What is required:
In the entries below, find every line with the string "matrixP" and copy it.

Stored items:

Lemma sum_middle_levels_index (g : nat -> nat) (d k : nat) : 1 <= k <= d.+1 ->
  \sum_(1 <= i < k.+1) g ((d + 2 * i - k)./2) =
  \sum_((d + 2 - k)./2 <= j < (d + 2 - k)./2 + k) g j.
Proof.
case/andP => k_gt0 le_kd; rewrite big_add1 /= -{1}[(d + 2 - k)./2]add0n big_addn addKn.
by apply: eq_big_nat => i /andP[_ lt_ik]; congr g; lia.
Qed.

Lemma leq_mul_expn_sub1 (q a b : nat) : 0 < q -> b <= a ->
  a * (q ^ b - 1) <= b * (q ^ a - 1).
Proof.
move=> q_gt0 le_ba; rewrite !subn1 !predn_exp mulnCA [b * _]mulnCA leq_mul2l.
apply/orP; right; elim: a le_ba => [|a IHa] le_ba.
  by rewrite leqn0 in le_ba; rewrite (eqP le_ba).
have [->//|lt_ba] := eqVneq b a.+1.
have {lt_ba}le_ba : b <= a by rewrite -ltnS ltn_neqAle lt_ba.
have geo_le : \sum_(i < b) q ^ i <= b * q ^ a.
  rewrite -[b in b * _]card_ord -sum_nat_const; apply: leq_sum => i _.
  by rewrite leq_pexp2l // (leq_trans (ltnW (ltn_ord i))).
by rewrite big_ord_recr /= mulSn mulnDr addnC leq_add ?IHa.
Qed.

Definition qprod (q n j : nat) : nat := \prod_(t < j) (q ^ (n - t) - 1).

Section GaussianBinomial.

Variables (q d : nat).
Hypothesis q_gt1 : 1 < q.

Lemma expn_sub1_gt0 e : 0 < e -> 0 < q ^ e - 1.
Proof. by move=> e_gt0; rewrite subn_gt0 -{1}(expn0 q) ltn_exp2l. Qed.

Lemma qprod_gt0 n j : j <= n -> 0 < qprod q n j.
Proof.
move=> le_jn; rewrite prodn_gt0 // => t; apply: expn_sub1_gt0.
by rewrite subn_gt0 (leq_trans (ltn_ord t)).
Qed.

Lemma qprod_diagS j : qprod q j.+1 j.+1 = (q ^ j.+1 - 1) * qprod q j j.
Proof. by rewrite /qprod big_ord_recl subn0. Qed.

(* Always true; it is derived below by counting subspaces over a finite field. *)
Hypothesis qprod_dvd : forall j, j <= d -> qprod q j j %| qprod q d j.

Lemma qbinomK j : j <= d -> qbinom q d j * qprod q j j = qprod q d j.
Proof. by move/qprod_dvd/divnK. Qed.

Lemma qbinom_gt0 j : j <= d -> 0 < qbinom q d j.
Proof. by move=> le_jd; have := qprod_gt0 le_jd; rewrite -(qbinomK le_jd) muln_gt0 => /andP[]. Qed.

Lemma qbinomS j : j < d ->
  qbinom q d j.+1 * (q ^ j.+1 - 1) = qbinom q d j * (q ^ (d - j) - 1).
Proof.
move=> lt_jd; apply/eqP; rewrite -(eqn_pmul2r (qprod_gt0 (leqnn j))) -mulnA.
rewrite mulnAC -qprod_diagS qbinomK // qbinomK ?(ltnW lt_jd) //.
by rewrite /qprod big_ord_recr.
Qed.

Lemma qbinom_sym j : j <= d -> qbinom q d (d - j) = qbinom q d j.
Proof.
elim: j => [_|j IHj lt_jd].
  by rewrite subn0 /qbinom !big_ord0 divnn qprod_gt0.
have /qbinomS := lt_jd; rewrite -IHj ?(ltnW lt_jd) //.
have /qbinomS : d - j.+1 < d by lia.
rewrite subnSK // subKn ?(ltnW lt_jd) // => -> /eqP.
by rewrite mulnC [_ * (_ - 1)]mulnC eqn_pmul2l ?expn_sub1_gt0 // => /eqP.
Qed.

Local Open Scope ring_scope.

(* Proportional to the number of bases adapted to a j-dimensional subspace. *)
Definition binom_ratio j : rat := 'C(d, j)%:R / (qbinom q d j)%:R.

Lemma binom_ratio_le i j : (i <= d)%N -> (j <= d)%N ->
  (binom_ratio i <= binom_ratio j) = ('C(d, i) * qbinom q d j <= 'C(d, j) * qbinom q d i)%N.
Proof.
move=> le_id le_jd; rewrite ler_pdivrMr ?ltr0n ?qbinom_gt0 // mulrAC.
by rewrite ler_pdivlMr ?ltr0n ?qbinom_gt0 // -!natrM ler_nat.
Qed.

Lemma binom_ratio_sym j : (j <= d)%N -> binom_ratio (d - j) = binom_ratio j.
Proof. by move=> le_jd; rewrite /binom_ratio bin_sub // qbinom_sym. Qed.

Lemma binom_ratioS_le t : (2 * t + 1 <= d)%N -> binom_ratio t.+1 <= binom_ratio t.
Proof.
move=> le_td; have lt_td : (t < d)%N by lia.
rewrite binom_ratio_le //; last exact: ltnW.
have K_gt0 : (0 < t.+1 * (q ^ t.+1 - 1))%N by rewrite muln_gt0 expn_sub1_gt0.
rewrite -(leq_pmul2r K_gt0).
have -> : ('C(d, t.+1) * qbinom q d t * (t.+1 * (q ^ t.+1 - 1)) =
          'C(d, t) * qbinom q d t * ((d - t) * (q ^ t.+1 - 1)))%N.
  by transitivity (t.+1 * 'C(d, t.+1) * (qbinom q d t * (q ^ t.+1 - 1)))%N;
    [ring | rewrite mul_bin_left; ring].
have -> : ('C(d, t) * qbinom q d t.+1 * (t.+1 * (q ^ t.+1 - 1)) =
          'C(d, t) * qbinom q d t * (t.+1 * (q ^ (d - t) - 1)))%N.
  by transitivity ('C(d, t) * t.+1 * (qbinom q d t.+1 * (q ^ t.+1 - 1)))%N;
    [ring | rewrite qbinomS //; ring].
by rewrite leq_mul2l leq_mul_expn_sub1 ?orbT //; lia.
Qed.

Lemma binom_ratio_le_half a b : (a <= b)%N -> (2 * b <= d + 1)%N ->
  binom_ratio b <= binom_ratio a.
Proof.
elim: b => [|b IHb] le_ab le_bd; first by rewrite leqn0 in le_ab; rewrite (eqP le_ab).
have [->//|ne_ab] := eqVneq a b.+1.
by apply: le_trans (binom_ratioS_le _) (IHb _ _); lia.
Qed.

Lemma binom_ratio_le_minn i j : (i <= d)%N -> (j <= d)%N ->
  (minn i (d - i) <= minn j (d - j))%N -> binom_ratio j <= binom_ratio i.
Proof.
have ratio_minn x : (x <= d)%N -> binom_ratio (minn x (d - x)) = binom_ratio x.
  by move=> le_xd; case: leqP => _ //; rewrite binom_ratio_sym.
move=> le_id le_jd le_ij; rewrite -ratio_minn // -[binom_ratio i]ratio_minn //.
by apply: binom_ratio_le_half => //; lia.
Qed.

Lemma leq_binom_qbinom_minn i j : (i <= d)%N -> (j <= d)%N ->
    (minn i (d - i) <= minn j (d - j))%N ->
  ('C(d, j) * qbinom q d i <= 'C(d, i) * qbinom q d j)%N.
Proof. by move=> le_id le_jd le_ij; rewrite -binom_ratio_le ?binom_ratio_le_minn. Qed.

End GaussianBinomial.

Section IndicatorMatrices.

Variables (F : fieldType) (d : nat).
Implicit Types S : {set 'I_d}.
Local Open Scope ring_scope.

Lemma capmxMunit m1 m2 n (A : 'M[F]_(m1, n)) (B : 'M[F]_(m2, n))
    (M : 'M[F]_n) :
  M \in unitmx -> (A *m M :&: B *m M == (A :&: B) *m M)%MS.
Proof.
move=> uM; rewrite capmxMr andbT; set X := (_ :&: _)%MS.
have subMV m (C : 'M[F]_(m, n)) : (X <= C *m M)%MS -> (X *m invmx M <= C)%MS.
  by move=> /(submxMr (invmx M)); rewrite mulmxK.
by rewrite -[X](mulmxKV uM) submxMr // sub_capmx !subMV ?capmxSl ?capmxSr.
Qed.

Definition diag_ind S : 'M[F]_d := diag_mx (\row_i (i \in S)%:R).

Lemma mul_diag_ind S S' : diag_ind S *m diag_ind S' = diag_ind (S :&: S').
Proof.
apply/matrixP => i j; rewrite mul_diag_mx !mxE inE.
by case: (i \in S); rewrite ?mul1r ?mul0r ?mul0rn.
Qed.

Lemma add_diag_ind S S' :
  diag_ind S + diag_ind S' = diag_ind (S :|: S') + diag_ind (S :&: S').
Proof.
apply/matrixP => i j; rewrite !mxE !inE.
by case: (i \in S); case: (i \in S'); rewrite /= ?add0r ?addr0 // addrC.
Qed.

Lemma diag_ind0 : diag_ind set0 = 0.
Proof. by apply/matrixP => i j; rewrite !mxE inE mul0rn. Qed.

Lemma diag_indT : diag_ind setT = 1%:M.
Proof. by rewrite -diag_const_mx; congr diag_mx; apply/rowP => i; rewrite !mxE inE. Qed.

Lemma diag_ind_sum S : diag_ind S = \sum_(i in S) delta_mx i i.
Proof.
rewrite /diag_ind diag_mx_sum_delta [RHS]big_mkcond; apply: eq_bigr => i _.
by rewrite mxE; case: (i \in S); rewrite ?scale1r ?scale0r.
Qed.

Lemma rank_diag_ind S : \rank (diag_ind S) = #|S|.
Proof.
have rank_le X : (\rank (diag_ind X) <= #|X|)%N.
  rewrite diag_ind_sum -sum1_card.
  elim/big_rec2: _ => [|i r A _ IH]; first by rewrite mxrank0.
  by rewrite (leq_trans (mxrank_add _ _)) // mxrank_delta leq_add2l.
apply/eqP; rewrite eqn_leq rank_le -(leq_add2r #|~: S|) cardsC card_ord /=.
have sumSC : diag_ind S + diag_ind (~: S) = 1%:M.
  by rewrite add_diag_ind setUCr setICr diag_indT diag_ind0 addr0.
apply: leq_trans (leq_add (leqnn _) (rank_le _)).
by rewrite -{1}(mxrank1 F d) -sumSC mxrank_add.
Qed.

Lemma submx_diag_ind m (Y : 'M[F]_(m, d)) S :
  (Y <= diag_ind S)%MS = (Y *m diag_ind S == Y).
Proof.
apply/idP/eqP => [/submxP[X ->]|<-]; last exact: submxMl.
by rewrite -mulmxA mul_diag_ind setIid.
Qed.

Task response:
apply/matrixP => i j; rewrite mul_diag_mx !mxE inE.
apply/matrixP => i j; rewrite !mxE !inE.
Proof. by apply/matrixP => i j; rewrite !mxE inE mul0rn. Qed.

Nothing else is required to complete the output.